Malachite butterfly (4) photographed by Jeff Zablow at the National Butterfly Center, Mission, TX

This was the last week of 2018. We flew to San Antonio and drove the rental car to McAllen, Texas. Why? We went to find and photograph rare butterflies of the Lower Rio Grande Valley. Texas. Butterflies that you would never see in Pennsylvania, Georgia, Illinois, Nevada, Oregon, Montana, Ohio or Virginia.

This was at the National Butterfly Center, in Mission Texas. Bingo! This Malachite butterfly, that Erato Heliconian (!!!), the Red Rim butterfly, Mexican Bluewing, Tropical Leafwing, the list of new and rare to Very Rare was long, and exciting. So much new, so little same old, same old.

We recently raised the question, do you think that we should travel long and far, or should we avoid those airport terminals, crowds, TSA looking at me (I served) as if I was a potential I don’t know what? The rental car that I treat better than my own (you let me use your car, I treat it like gold) and those many drives through places unfamiliar.

Comes now this question. What would you rather see, hard to score images of butterflies you’ve never seen before, even if those images are sometimes less than ideal OR photos of butterflies that you may have seen before, those well east of the Mississippi River, but photos that capture very fresh, very beautiful individuals?

Than comes the followup questions? Are you happy to see images of butterflies in the HolyLand? I’ve gone to Israel almost every year since 2008. Sometimes I’ve posted an image of a HolyLand butterfly that is really hard to get, only to find tepid feedback from y’all.

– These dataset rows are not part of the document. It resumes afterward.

(* Let $\mathcal{F}=(W,R,S)$ be any simplified $\mathbf{IL}^-(\mathbf{J4}_{+})$-frame. Then: (1) $\mathcal{F}\models \mathbf{J3}$, i.e. $\mathcal{F}\models (A\rhd C)\land(B\rhd C)\to(A\lor B)\rhd C$ for all formulas $A,B,C$; (2) $\mathcal{F}\models \mathbf{J4}_{+}$, i.e. $\mathcal{F}\models \Box(A\to B)\to(C\rhd A\to C\rhd B)$ for all formulas $A,B,C$; (3) $\mathcal{F}\models \mathbf{J6}$, i.e. $\mathcal{F}\models \Box\lnot A\leftrightarrow A\rhd\bot$ for all formulas $A$; (4) $\mathcal{F}\models \Box(A\to B)\to A\rhd B$ for all formulas $A,B$ if and only if $(\forall x,y\in W)(xRy\Rightarrow ySy)$; (5) $\mathcal{F}\models A\rhd(B\lor C)\land B\rhd C\to A\rhd C$ for all formulas $A,B,C$ if and only if for every $x\in W$ and all $y,z,v\in R[x]$, if $ySz$ and $zSv$ then $ySv$ (where $R[x]=\{y\in W: xRy\}$); (6) $\mathcal{F}\models \Diamond A\rhd A$ for all formulas $A$ if and only if $(\forall x,y,z\in W)(xRy \,\&\, yRz\Rightarrow ySz)$.
   Context: Modal formulas of interpretability logic are built from propositional variables, $\top$, $\bot$ using $\to,\lor,\land$, the unary operator $\Box$ and the binary operator $\rhd$; $\lnot A$ abbreviates $A\to\bot$ and $\Diamond A:=\lnot\Box\lnot A$. A simplified $\mathbf{IL}^-(\mathbf{J4}_{+})$-frame is a triple $(W,R,S)$ where $W$ is a non-empty set, $R$ is a transitive and conversely well-founded binary relation on $W$, and $S$ is an arbitrary binary relation on $W$. A model on it is given by a forcing relation $\Vdash$ between $W$ and formulas, arbitrary on propositional variables, with the usual Boolean clauses, $x\Vdash\Box A$ iff for all $y$ with $xRy$, $y\Vdash A$, and $x\Vdash A\rhd B$ iff for every $y\in W$ with $xRy$ and $y\Vdash A$ there is $z\in W$ with $xRz$, $ySz$ and $z\Vdash B$. A formula $A$ is valid in the frame ($\mathcal{F}\models A$) if $x\Vdash A$ for every such forcing relation and every $x\in W$. *)

From Stdlib Require Import Relations.

Inductive formula : Type :=
| fvar : nat -> formula
| ftop : formula
| fbot : formula
| fimp : formula -> formula -> formula
| for_ : formula -> formula -> formula
| fand : formula -> formula -> formula
| fbox : formula -> formula
| frhd : formula -> formula -> formula.

Definition fneg (A : formula) : formula := fimp A fbot.
Definition fdia (A : formula) : formula := fneg (fbox (fneg A)).
Definition fiff (A B : formula) : formula := fand (fimp A B) (fimp B A).

(* A simplified IL^-(J4_+)-frame: W non-empty, R transitive and conversely
   well-founded (no infinite ascending chains x0 R x1 R x2 ...), S arbitrary. *)
Definition simplified_frame (W : Type) (R S : W -> W -> Prop) : Prop :=
  inhabited W /\ transitive W R /\ well_founded (fun y x => R x y).

Fixpoint forces {W : Type} (R S : W -> W -> Prop) (V : nat -> W -> Prop)
  (x : W) (A : formula) : Prop :=
  match A with
  | fvar p => V p x
  | ftop => True
  | fbot => False
  | fimp A B => forces R S V x A -> forces R S V x B
  | for_ A B => forces R S V x A \/ forces R S V x B
  | fand A B => forces R S V x A /\ forces R S V x B
  | fbox A => forall y, R x y -> forces R S V y A
  | frhd A B => forall y, R x y -> forces R S V y A ->
                  exists z, R x z /\ S y z /\ forces R S V z B
  end.

Definition valid {W : Type} (R S : W -> W -> Prop) (A : formula) : Prop :=
  forall (V : nat -> W -> Prop) (x : W), forces R S V x A.

(* For J1, J2_+ and J5, the frame condition gives validity
   directly (for J5 via transitivity of R, which puts the witness of the
   diamond into R[x]); conversely, a valuation making each propositional
   variable true at exactly one chosen world turns a forced instance of
   the axiom into the required S-edge. *)
From Stdlib Require Import Classical Relations.

Section Frame.

Context {W : Type} (R S : W -> W -> Prop).

Definition point_valuation (f : nat -> W) : nat -> W -> Prop :=
  fun n w => w = f n.

Lemma forces_dia_witness (V : nat -> W -> Prop) (x : W) (A : formula) :
  forces R S V x (fdia A) -> exists y, R x y /\ forces R S V y A.
Proof.
  intros Hdia. apply NNPP. intros Hnone. apply Hdia.
  intros y Hxy HA. apply Hnone. exists y. split; assumption.
Qed.

Lemma valid_J3 (A B C : formula) :
  valid R S (fimp (fand (frhd A C) (frhd B C)) (frhd (for_ A B) C)).
Proof.
  intros V x [HAC HBC] y Hxy [HA | HB].
  - exact (HAC y Hxy HA).
  - exact (HBC y Hxy HB).
Qed.

Lemma valid_J4plus (A B C : formula) :
  valid R S (fimp (fbox (fimp A B)) (fimp (frhd C A) (frhd C B))).
Proof.
  intros V x HAB HCA y Hxy HC.
  destruct (HCA y Hxy HC) as [z [Hxz [Hyz HA]]].
  exists z. split; [assumption | split; [assumption | exact (HAB z Hxz HA)]].
Qed.

Lemma valid_J6 (A : formula) : valid R S (fiff (fbox (fneg A)) (frhd A fbot)).
Proof.
  intros V x. split.
  - intros HnA y Hxy HA. contradiction (HnA y Hxy HA).
  - intros Hbot y Hxy HA. destruct (Hbot y Hxy HA) as [z [_ [_ []]]].
Qed.

Lemma valid_J1_iff :
  (forall A B : formula, valid R S (fimp (fbox (fimp A B)) (frhd A B))) <->
  (forall x y : W, R x y -> S y y).
Proof.
  split.
  - intros HJ1 x y Hxy.
    destruct (HJ1 (fvar 0) (fvar 0) (point_valuation (fun _ => y)) x
                (fun _ _ H => H) y Hxy eq_refl) as [z [_ [Hyz ->]]].
    exact Hyz.
  - intros Hrefl A B V x HAB y Hxy HA.
    exists y. split; [assumption | split; [exact (Hrefl x y Hxy) | exact (HAB y Hxy HA)]].
Qed.

Lemma valid_J2plus_iff :
  (forall A B C : formula,
      valid R S (fimp (fand (frhd A (for_ B C)) (frhd B C)) (frhd A C))) <->
  (forall x y z v : W, R x y -> R x z -> R x v -> S y z -> S z v -> S y v).
Proof.
  split.
  - intros HJ2 x y z v Hxy Hxz Hxv Hyz Hzv.
    set (f := fun n => match n with 0 => y | 1 => z | _ => v end).
    assert (HAB : forces R S (point_valuation f) x
                    (frhd (fvar 0) (for_ (fvar 1) (fvar 2)))).
    { intros w _ Hw. hnf in Hw. subst w.
      exists z. split; [assumption | split; [assumption | left; reflexivity]]. }
    assert (HBC : forces R S (point_valuation f) x (frhd (fvar 1) (fvar 2))).
    { intros w _ Hw. hnf in Hw. subst w.
      exists v. split; [assumption | split; [assumption | reflexivity]]. }
    destruct (HJ2 (fvar 0) (fvar 1) (fvar 2) (point_valuation f) x
                (conj HAB HBC) y Hxy eq_refl) as [w [_ [Hyw ->]]].
    exact Hyw.
  - intros Htrans A B C V x [HABC HBC] y Hxy HA.
    destruct (HABC y Hxy HA) as [z [Hxz [Hyz [HB | HC]]]].
    + destruct (HBC z Hxz HB) as [v [Hxv [Hzv HCv]]].
      exists v. split; [assumption | split; [| assumption]].
      exact (Htrans x y z v Hxy Hxz Hxv Hyz Hzv).
    + exists z. split; [| split]; assumption.
Qed.

Lemma valid_J5_iff :
  transitive W R ->
  (forall A : formula, valid R S (frhd (fdia A) A)) <->
  (forall x y z : W, R x y -> R y z -> S y z).
Proof.
  intros HRtrans. split.
  - intros HJ5 x y z Hxy Hyz.
    assert (Hdia : forces R S (point_valuation (fun _ => z)) y (fdia (fvar 0))).
    { intros Hnot. exact (Hnot z Hyz eq_refl). }
    destruct (HJ5 (fvar 0) (point_valuation (fun _ => z)) x y Hxy Hdia)
      as [w [_ [Hyw ->]]].
    exact Hyw.
  - intros HRS A V x y Hxy Hdia.
    destruct (forces_dia_witness V y A Hdia) as [z [Hyz HA]].
    exists z. split; [exact (HRtrans x y z Hxy Hyz) | split; [| exact HA]].
    exact (HRS x y z Hxy Hyz).
Qed.

End Frame.

Theorem proposition2p13 (W : Type) (R S : W -> W -> Prop) :
  simplified_frame W R S ->
  (* (1) J3 *)
  (forall A B C : formula,
     valid R S (fimp (fand (frhd A C) (frhd B C)) (frhd (for_ A B) C))) /\
  (* (2) J4_+ *)
  (forall A B C : formula,
     valid R S (fimp (fbox (fimp A B)) (fimp (frhd C A) (frhd C B)))) /\
  (* (3) J6 *)
  (forall A : formula, valid R S (fiff (fbox (fneg A)) (frhd A fbot))) /\
  (* (4) *)
  ((forall A B : formula, valid R S (fimp (fbox (fimp A B)) (frhd A B))) <->
   (forall x y : W, R x y -> S y y)) /\
  (* (5) *)
  ((forall A B C : formula,
      valid R S (fimp (fand (frhd A (for_ B C)) (frhd B C)) (frhd A C))) <->
   (forall x y z v : W, R x y -> R x z -> R x v -> S y z -> S z v -> S y v)) /\
  (* (6) *)
  ((forall A : formula, valid R S (frhd (fdia A) A)) <->
   (forall x y z : W, R x y -> R y z -> S y z)).
Proof.
  intros [_ [HRtrans _]].
  exact (conj (valid_J3 R S) (conj (valid_J4plus R S) (conj (valid_J6 R S)
           (conj (valid_J1_iff R S) (conj (valid_J2plus_iff R S)
                 (valid_J5_iff R S HRtrans)))))).
Qed.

I sure hope you read this, and hope that you share.

Jeff

9 thoughts on “What Do You Most Want Too See?

  1. Hi Jeff,

    As a fellow blogger, I know that it can be a bit frustrating to not get much feedback about what you are posting. As for me, I’ve been super-busy lately and haven’t had as much time to spend on my own blogs or those I usually visit. So please don’t take personally any lack of comments from me. Sometimes I’m just taking a quick look at the butterfly photo, other times I read what you have written too and intend to comment…but it is late and so on.

    However, clearly you are wanting some feedback so I’ll give you some. I love all of your butterflies, the locals and the Middle Eastern, the common and the very rare. So my recommendation is that you do worry less about pleasing us and seek the path that gives glory to our Creator. Share His beauty and your experience of it. The rest are details.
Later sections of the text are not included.